» **Exercise aim**:
Which lines below include "forall"? Copy them all.

Data extracted from a collection
######

(* Let $r>0$ and let $f:(0,r)\to(0,\infty)$ be a nondecreasing function such that $f(x)<x$ for all $x\in(0,r)$ and, for every $\alpha>1$, $f(x)=O(x^\alpha)$ as $x\to0^+$. For $x_1\in(0,r)$ let $x_{n+1}=x_n-f(x_n)$ and $S=\{x_n:n\ge1\}$. Then $\dim_BS=1$.
   Context: For a bounded set $S\subset\mathbb{R}$ and $\varepsilon>0$, $S_\varepsilon=\{y: \mathrm{dist}(y,S)<\varepsilon\}$ and $|S_\varepsilon|$ is its Lebesgue measure. $\mathcal M^{*s}(S)=\limsup_{\varepsilon\to0}|S_\varepsilon|/\varepsilon^{1-s}$, $\mathcal M_*^{s}(S)=\liminf_{\varepsilon\to0}|S_\varepsilon|/\varepsilon^{1-s}$; $\overline{\dim}_BS=\inf\{s\ge0:\mathcal M^{*s}(S)=0\}$, $\underline{\dim}_BS=\inf\{s\ge0:\mathcal M_*^{s}(S)=0\}$, and $\dim_BS$ is their common value when equal. *)

From Stdlib Require Import Reals.
Open Scope R_scope.

(* epsilon-neighbourhood S_eps = {y : dist(y,S) < eps}; dist(y,S) < eps iff
   some z in S has |y - z| < eps. *)
Definition nbhd (S : R -> Prop) (eps : R) : R -> Prop :=
  fun y => exists z, S z /\ Rabs (y - z) < eps.

Definition is_glb (E : R -> Prop) (m : R) : Prop :=
  (forall x, E x -> m <= x) /\ (forall b, (forall x, E x -> b <= x) -> b <= m).

(* Lebesgue (outer) measure: infimum of total lengths of countable covers by
   open intervals (a n, b n).  [leb_measure_is A m] : the measure of A is the
   real number m (only meaningful/used for bounded A, where it is finite). *)
Definition cover_length (A : R -> Prop) (L : R) : Prop :=
  exists a b : nat -> R,
    (forall n, a n <= b n) /\
    (forall y, A y -> exists n, a n < y < b n) /\
    infinite_sum (fun n => b n - a n) L.

Definition leb_measure_is (A : R -> Prop) (m : R) : Prop :=
  is_glb (cover_length A) m.

(* M^{*s}(S) = limsup_{eps->0+} |S_eps| / eps^(1-s) = 0
   (the quantity is nonnegative, so limsup = 0 means it tends to 0). *)
Definition upper_mink_zero (S : R -> Prop) (s : R) : Prop :=
  forall eta, 0 < eta -> exists delta, 0 < delta /\
    forall eps, 0 < eps < delta ->
      forall m, leb_measure_is (nbhd S eps) m -> m / Rpower eps (1 - s) < eta.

######

» **Expected output**:
  (forall x, E x -> m <= x) /\ (forall b, (forall x, E x -> b <= x) -> b <= m).
    (forall n, a n <= b n) /\
    (forall y, A y -> exists n, a n < y < b n) /\
  forall eta, 0 < eta -> exists delta, 0 < delta /\
    forall eps, 0 < eps < delta ->
      forall m, leb_measure_is (nbhd S eps) m -> m / Rpower eps (1 - s) < eta.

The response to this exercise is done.